Limitations & Future Work

  • Pre-training requires 64 H800 GPUs, imposing a high computational resource threshold.
  • Only 2B and 8B variants of TokenVL are provided; larger-scale models remain unexplored.
  • The quality of token-level masks depends on the accuracy of upstream OCR and segmentation models.
  • Evaluation is limited to document/OCR-related tasks; the impact on general visual understanding has not been explored.
  • vs. CLIP: CLIP's image-level alignment lacks precision for dense-text scenarios; TokenFD's token-level alignment achieves zero-shot text segmentation performance more than double that of CLIP.
  • vs. InternVL2.5: InternVL2.5 employs InternViT as a general-purpose VFM, whereas TokenFD is specifically designed for text images, consistently outperforming InternVL2.5 on document tasks.
  • vs.

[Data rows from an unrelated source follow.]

Lemma Rabs_fst_le_Cnorm z : Rabs (fst z) <= Cnorm z.
Proof.
  unfold Cnorm. rewrite <- sqrt_Rsqr_abs. apply sqrt_le_1_alt. unfold Rsqr. nra.
Qed.

Lemma Rabs_snd_le_Cnorm z : Rabs (snd z) <= Cnorm z.
Proof.
  unfold Cnorm. rewrite <- sqrt_Rsqr_abs. apply sqrt_le_1_alt. unfold Rsqr. nra.
Qed.

Lemma Rabs_Cdet_le z w : Rabs (Cdet z w) <= (Rabs (fst w) + Rabs (snd w)) * Cnorm z.
Proof.
  unfold Cdet, Rminus. eapply Rle_trans; [apply Rabs_triang|].
  rewrite Rabs_Ropp, !Rabs_mult.
  pose proof (Rabs_fst_le_Cnorm z). pose proof (Rabs_snd_le_Cnorm z).
  pose proof (Rabs_pos (fst w)). pose proof (Rabs_pos (snd w)).
  pose proof (Rabs_pos (fst z)). pose proof (Rabs_pos (snd z)).
  nra.
Qed.

Definition Clattice (e1 e2 : Cplx) (x : Cplx) : Prop :=
  exists m n : Z, x = Cadd (Cscal (IZR m) e1) (Cscal (IZR n) e2).

Lemma Rabs_Cdet_div_lt x e D K eps : D <> 0 ->
  Rabs (fst e) + Rabs (snd e) <= K -> Cnorm x * (K + 1) < eps * Rabs D ->
  Rabs (Cdet x e / D) < eps.
Proof.
  intros HD He Hx. assert (HDp : 0 < Rabs D) by now apply Rabs_pos_lt.
  pose proof (Rabs_Cdet_le x e) as Hle. pose proof (sqrt_pos (Cnorm2 x)) as Hx0.
  fold (Cnorm x) in Hx0.
  assert (Hlt : Rabs (Cdet x e) < eps * Rabs D).
  { apply Rle_lt_trans with ((K + 1) * Cnorm x); [|lra].
    eapply Rle_trans; [exact Hle|]. apply Rmult_le_compat_r; [exact Hx0 | lra]. }
  unfold Rdiv. rewrite Rabs_mult, Rabs_inv.
  apply (Rmult_lt_compat_r (/ Rabs D)) in Hlt; [|now apply Rinv_0_lt_compat].
  rewrite Rmult_assoc, Rinv_r, Rmult_1_r in Hlt by lra. exact Hlt.
Qed.

(* The Cramer coordinates of a point are Lipschitz and take integer values on
   the coset, so near any point p only the coordinates of p itself can occur. *)
Lemma lattice_coset_no_accumulation v e1 e2 :
  Cdet e1 e2 <> 0 -> Cno_accumulation (fun u => exists x, Clattice e1 e2 x /\ u = Cadd v x).
Proof.
  intros HD p. set (D := Cdet e1 e2) in *.
  set (al := Cdet (Cadd p (Copp v)) e2 / D).
  set (be := - Cdet (Cadd p (Copp v)) e1 / D).
  destruct (int_isolated al) as [ea [Hea Ha]], (int_isolated be) as [eb [Heb Hb]].
  pose proof (Rabs_pos_lt D HD) as HDp.
  pose proof (Rabs_pos (fst e1)). pose proof (Rabs_pos (snd e1)).
  pose proof (Rabs_pos (fst e2)). pose proof (Rabs_pos (snd e2)).
  set (K := Rabs (fst e1) + Rabs (snd e1) + Rabs (fst e2) + Rabs (snd e2)).
  assert (HK : 0 <= K) by (unfold K; lra).
  exists (Rmin ea eb * Rabs D / (K + 1)).
  split; [apply Rdiv_lt_0_compat; [apply Rmult_lt_0_compat; [now apply Rmin_glb_lt|]|]; lra|].
  intros u [x [[m [n ->]] Hu]] Hd.
  assert (Hdist : Cdist u p * (K + 1) < Rmin ea eb * Rabs D).
  { apply (Rmult_lt_compat_r (K + 1)) in Hd; [|lra].
    unfold Rdiv in Hd. rewrite Rmult_assoc, Rinv_l, Rmult_1_r in Hd by lra. exact Hd. }
  assert (Hclose : forall eps, Rmin ea eb <= eps -> Cnorm (Cadd u (Copp p)) * (K + 1) < eps * Rabs D).
  { intros eps Heps. eapply Rlt_le_trans; [exact Hdist|]. apply Rmult_le_compat_r; lra. }
  assert (Hm : IZR m = al).
  { apply Ha. replace (IZR m - al) with (Cdet (Cadd u (Copp p)) e2 / D).
    - apply (Rabs_Cdet_div_lt _ _ _ K); [exact HD | unfold K; lra | apply Hclose, Rmin_l].
    - rewrite Hu. unfold al, D, Cdet, Cadd, Copp, Cscal; cbn [fst snd]. field. exact HD. }
  assert (Hn : IZR n = be).
  { apply Hb. replace (IZR n - be) with (- (Cdet (Cadd u (Copp p)) e1 / D)).
    - rewrite Rabs_Ropp.
      apply (Rabs_Cdet_div_lt _ _ _ K); [exact HD | unfold K; lra | apply Hclose, Rmin_r].
    - rewrite Hu. unfold be, D, Cdet, Cadd, Copp, Cscal; cbn [fst snd]. field. exact HD. }
  rewrite Hu, Hm, Hn. unfold al, be, D, Cdet in *.
  unfold Cadd, Copp, Cscal; Cext; field; exact HD.
Qed.

Fixpoint Cpow (z : Cplx) (n : nat) : Cplx :=
  match n with O => C1 | S k => Cmul z (Cpow z k) end.

Lemma Cmul_assoc x y z : Cmul x (Cmul y z) = Cmul (Cmul x y) z.
Proof. Cring. Qed.

Lemma Cmul_1_l z : Cmul C1 z = z.
Proof. Cring. Qed.

Lemma Cpow_add z j k : Cpow z (j + k) = Cmul (Cpow z j) (Cpow z k).
Proof.
  induction j as [|j IH]; cbn [Cpow Nat.add].
  - now rewrite Cmul_1_l.
  - now rewrite IH, Cmul_assoc.
Qed.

SAM: SAM provides pixel-level segmentation but lacks semantic capability; TokenFD achieves both spatial precision and semantic alignment.

Rating

  • Novelty: ⭐⭐⭐⭐⭐ First token-level text image foundation model, filling a critical gap in the VFM granularity spectrum.
  • Experimental Thoroughness: ⭐⭐⭐⭐⭐ Comprehensive coverage of text segmentation, retrieval, VQA, and OCRBench, with detailed ablations.
  • Writing Quality: ⭐⭐⭐⭐ Clear structure with well-organized presentation of the three-layer framework.
  • Value: ⭐⭐⭐⭐⭐ Significant advancement for the document understanding field; dataset, models, and code are fully open-sourced.